Definition visc_supersolution (mu sigma c a lambda : R) (u : R -> R) : Prop :=
  lsc_on_nonneg u /\ u 0 = 0 /\
  forall x (phi : R -> R), 0 < x -> C2 phi ->
    u x - phi x = 0 ->
    (forall y, 0 < y -> u x - phi x <= u y - phi y) ->
    1 / 2 * sigma ^ 2 * Derive (Derive phi) x + fE mu a lambda (Derive phi x) - c * u x <= 0.

(* Both barriers are built from smooth pieces, so the viscosity tests reduce
   to classical ones: if a C^2 function phi touches a smooth function from
   below (above) at x, then the first derivatives agree and phi'' is bounded
   above (below) by the second derivative of the smooth function.
   The upper barrier min(U(x), U(b)), with U(x) = A/M (1 - e^{-Mx}), is a
   minimum of two smooth functions, and a function touched from below by phi
   at x is still touched from below by any smooth branch that equals it at x;
   hence we test with the branch U for x <= b and the constant U(b) for x >= b. *)

From Stdlib Require Import Reals Lra.
From Coquelicot Require Import Coquelicot.
Open Scope R_scope.

Lemma local_min_first_order (h : R -> R) (x l d : R) :
  0 < d -> derivable_pt_lim h x l ->
  (forall y, Rabs (y - x) < d -> h x <= h y) -> l = 0.
Proof.
intros Hd Hl Hmin.
pose (pr := exist (fun l => derivable_pt_lim h x l) l Hl : derivable_pt h x).
apply (deriv_minimum h (x - d) (x + d) x pr); try lra.
intros y H1 H2. apply Hmin. apply Rabs_def1; lra.
Qed.

(* Second-order condition at a local minimum: h' x = 0 and h''(x) >= 0.
   If h''(x) < 0, then h' < 0 just right of x, so h decreases there. *)
Lemma local_min_second_order (h h' : R -> R) (x h2 d : R) :
  0 < d -> (forall y, derivable_pt_lim h y (h' y)) -> derivable_pt_lim h' x h2 ->
  (forall y, Rabs (y - x) < d -> h x <= h y) -> h' x = 0 /\ 0 <= h2.
Proof.
intros Hd Hh Hh' Hmin.
assert (Hcrit : h' x = 0) by exact (local_min_first_order h x (h' x) d Hd (Hh x) Hmin).
split; [exact Hcrit|].
destruct (Rle_or_lt 0 h2) as [|Hneg]; [assumption|exfalso].
destruct (Hh' (- h2 / 2) ltac:(lra)) as [del Hdel].
set (e := Rmin (del / 2) (d / 2)).
assert (He : 0 < e) by (unfold e; apply Rmin_glb_lt; destruct del; simpl; lra).
assert (He1 : e <= del / 2) by apply Rmin_l.
assert (He2 : e <= d / 2) by apply Rmin_r.
assert (Hdecr : forall t, 0 < t <= e -> h' (x + t) < 0).
{ intros t Ht.
  assert (Hq : Rabs ((h' (x + t) - h' x) / t - h2) < - h2 / 2).
  { apply Hdel; [lra|]. rewrite Rabs_right; lra. }
  rewrite Hcrit, Rminus_0_r in Hq. apply Rabs_def2 in Hq.
  replace (h' (x + t)) with (h' (x + t) / t * t) by (field; lra).
  apply Rmult_neg_pos; lra. }
destruct (MVT_cor2 h h' x (x + e) ltac:(lra)) as [c [Hc1 Hc2]].
{ intros c _. apply Hh. }
assert (Hc : h' c < 0) by (replace c with (x + (c - x)) by ring; apply Hdecr; lra).
assert (h x <= h (x + e)) by (apply Hmin; rewrite Rabs_right; lra).
assert (h (x + e) - h x < 0) by (rewrite Hc1; apply Rmult_neg_pos; lra).
lra.
Qed.

Lemma C2_derivatives (phi : R -> R) : C2 phi ->
  (forall y, derivable_pt_lim phi y (Derive phi y)) /\
  (forall y, derivable_pt_lim (Derive phi) y (Derive (Derive phi) y)).
Proof.
intros [H1 [H2 _]]. split; intros y; apply is_derive_Reals, Derive_correct; auto.
Qed.

Lemma touch_from_below (u v v' phi : R -> R) (v2 x d : R) :
  0 < d -> C2 phi ->
  (forall y, derivable_pt_lim v y (v' y)) -> derivable_pt_lim v' x v2 ->
  (forall y, Rabs (y - x) < d -> u y <= v y) -> u x = v x ->
  (forall y, Rabs (y - x) < d -> u x - phi x <= u y - phi y) ->
  Derive phi x = v' x /\ Derive (Derive phi) x <= v2.
Proof.
intros Hd HC2 Hv Hv' Hle Heq Hmin. destruct (C2_derivatives phi HC2) as [D1 D2].
destruct (local_min_second_order (fun y => v y - phi y) (fun y => v' y - Derive phi y)
            x (v2 - Derive (Derive phi) x) d Hd) as [F1 F2].
- intros y. apply derivable_pt_lim_minus; auto.
- apply derivable_pt_lim_minus; auto.
- intros y Hy. specialize (Hmin y Hy). specialize (Hle y Hy). lra.
- split; lra.
Qed.

Lemma touch_from_above (u u' phi : R -> R) (u2 x d : R) :
  0 < d -> C2 phi ->
  (forall y, derivable_pt_lim u y (u' y)) -> derivable_pt_lim u' x u2 ->
  (forall y, Rabs (y - x) < d -> u y - phi y <= u x - phi x) ->
  Derive phi x = u' x /\ u2 <= Derive (Derive phi) x.
Proof.
intros Hd HC2 Hu Hu' Hmax. destruct (C2_derivatives phi HC2) as [D1 D2].
destruct (local_min_second_order (fun y => phi y - u y) (fun y => Derive phi y - u' y)
            x (Derive (Derive phi) x - u2) d Hd) as [F1 F2].
- intros y. apply derivable_pt_lim_minus; auto.
- apply derivable_pt_lim_minus; auto.
- intros y Hy. specialize (Hmax y Hy). lra.
- split; lra.
Qed.

(* Points within distance x of x > 0 are positive: the viscosity tests on
   (0, oo) therefore give local extrema on a neighbourhood of radius x. *)
Lemma near_positive (x y : R) : Rabs (y - x) < x -> 0 < y.
Proof. intros Hy. apply Rabs_def2 in Hy. lra. Qed.

Lemma continuous_semicontinuous (u : R -> R) :
  (forall x, continuity_pt u x) -> usc_on_nonneg u /\ lsc_on_nonneg u.
Proof.
intros Hu.
assert (Hclose : forall x eps, 0 < eps -> exists delta, 0 < delta /\
          forall y, Rabs (y - x) < delta -> Rabs (u y - u x) < eps).
{ intros x eps He. destruct (Hu x eps He) as [d [Hd Hf]]. exists d. split; [exact Hd|].
  intros y Hy. destruct (Req_dec y x) as [->|Hne].
  - rewrite Rminus_eq_0, Rabs_R0. exact He.
  - apply (Hf y). split; [split; [exact I|auto]|exact Hy]. }
split; intros x _ eps He; destruct (Hclose x eps He) as [d [Hd Hf]];
  exists d; split; auto; intros y _ Hy; specialize (Hf y Hy); apply Rabs_def2 in Hf; lra.
Qed.

(* Truncation at level b is continuous (it is 1-Lipschitz). *)
Lemma Rmin_continuity (b x : R) : continuity_pt (fun y => Rmin y b) x.
Proof.
intros eps He. exists eps. split; [exact He|]. intros y [_ Hy]. simpl in *. unfold R_dist in *.
eapply Rle_lt_trans; [|exact Hy].
unfold Rmin. destruct (Rle_dec y b), (Rle_dec x b); unfold Rabs; repeat destruct Rcase_abs; lra.
Qed.

Lemma exp_monotone (s t : R) : s <= t -> exp s <= exp t.
Proof. intros [Hlt|Heq]; [left; apply exp_increasing; exact Hlt|rewrite Heq; lra]. Qed.

(* sinh t >= t for t >= 0, by the mean value theorem: the derivative of
   e^t - e^{-t} - 2t is (e^{t/2} - e^{-t/2})^2 >= 0. *)
Lemma sinh_lower (t : R) : 0 <= t -> 2 * t <= exp t - exp (- t).
Proof.
intros Ht. destruct (Req_dec t 0) as [->|Ht0].
{ rewrite Ropp_0, exp_0. lra. }
set (k := fun t => exp t - exp (- t) - 2 * t).
destruct (MVT_cor2 k (fun t => exp t + exp (- t) - 2) 0 t ltac:(lra)) as [s [Hs _]].
{ intros s _. apply is_derive_Reals. unfold k. auto_derive; auto. ring. }
assert (Hslope : 0 <= exp s + exp (- s) - 2).
{ rewrite exp_Ropp. assert (P := exp_pos s).
  replace (exp s + / exp s - 2) with ((exp s - 1) ^ 2 / exp s) by (field; lra).
  apply Rmult_le_pos; [apply pow2_ge_0|left; apply Rinv_0_lt_compat; lra]. }
assert (Hk0 : k 0 = 0) by (unfold k; rewrite Ropp_0, exp_0; ring).
assert (0 <= k t) by nra.
unfold k in *. lra.
Qed.

Lemma exp_chord_lower (s : R) : 0 < s -> s * exp (s / 2) <= exp s - 1.
Proof.
intros Hs. assert (Hsinh := sinh_lower (s / 2) ltac:(lra)).
assert (P := exp_pos (s / 2)).
assert (Hsq : exp s = exp (s / 2) * exp (s / 2)) by (rewrite <- exp_plus; f_equal; field).
assert (Hinv : exp (- (s / 2)) * exp (s / 2) = 1) by (rewrite exp_Ropp; field; lra).
rewrite Hsq. nra.
Qed.

(* The ratio (1 - e^{-t}) / t, which governs f beyond 1. *)
Definition decay_ratio (t : R) : R := (1 - exp (- t)) / t.

Lemma decay_ratio_pos (t : R) : 0 < t -> 0 < decay_ratio t.
Proof.
intros Ht. assert (exp (- t) < 1) by (rewrite <- exp_0; apply exp_increasing; lra).
unfold decay_ratio, Rdiv. apply Rmult_lt_0_compat; [lra|apply Rinv_0_lt_compat; lra].
Qed.

(* decay_ratio is nonincreasing on (0, oo): the numerator of its derivative is
   e^{-t} (1 + t - e^t) <= 0. *)
Lemma decay_ratio_antitone (t1 t2 : R) :
  0 < t1 -> t1 <= t2 -> decay_ratio t2 <= decay_ratio t1.
Proof.
intros H1 H2. destruct (Req_dec t1 t2) as [<-|Hne]; [lra|].
set (d := fun t => (exp (- t) * t - (1 - exp (- t))) / (t * t)).
destruct (MVT_cor2 decay_ratio d t1 t2 ltac:(lra)) as [s [Hs1 Hs2]].
{ intros s Hs. apply is_derive_Reals. unfold decay_ratio, d. auto_derive; [lra|field; lra]. }
assert (Hd : d s <= 0).
{ unfold d. assert (I := exp_ineq1 s ltac:(lra)).
  assert (Hinv : exp (- s) * exp s = 1) by (rewrite exp_Ropp; field; apply Rgt_not_eq, exp_pos).
  assert (P := exp_pos (- s)).
  assert (exp (- s) * s - (1 - exp (- s)) <= 0) by nra.
  unfold Rdiv. apply Rmult_le_0_r; auto. left. apply Rinv_0_lt_compat. nra. }
nra.
Qed.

——

- [Goal of the exercise]: State, as a bare number, how many lines of the material contain "smooth".

- [Problem solution]: 5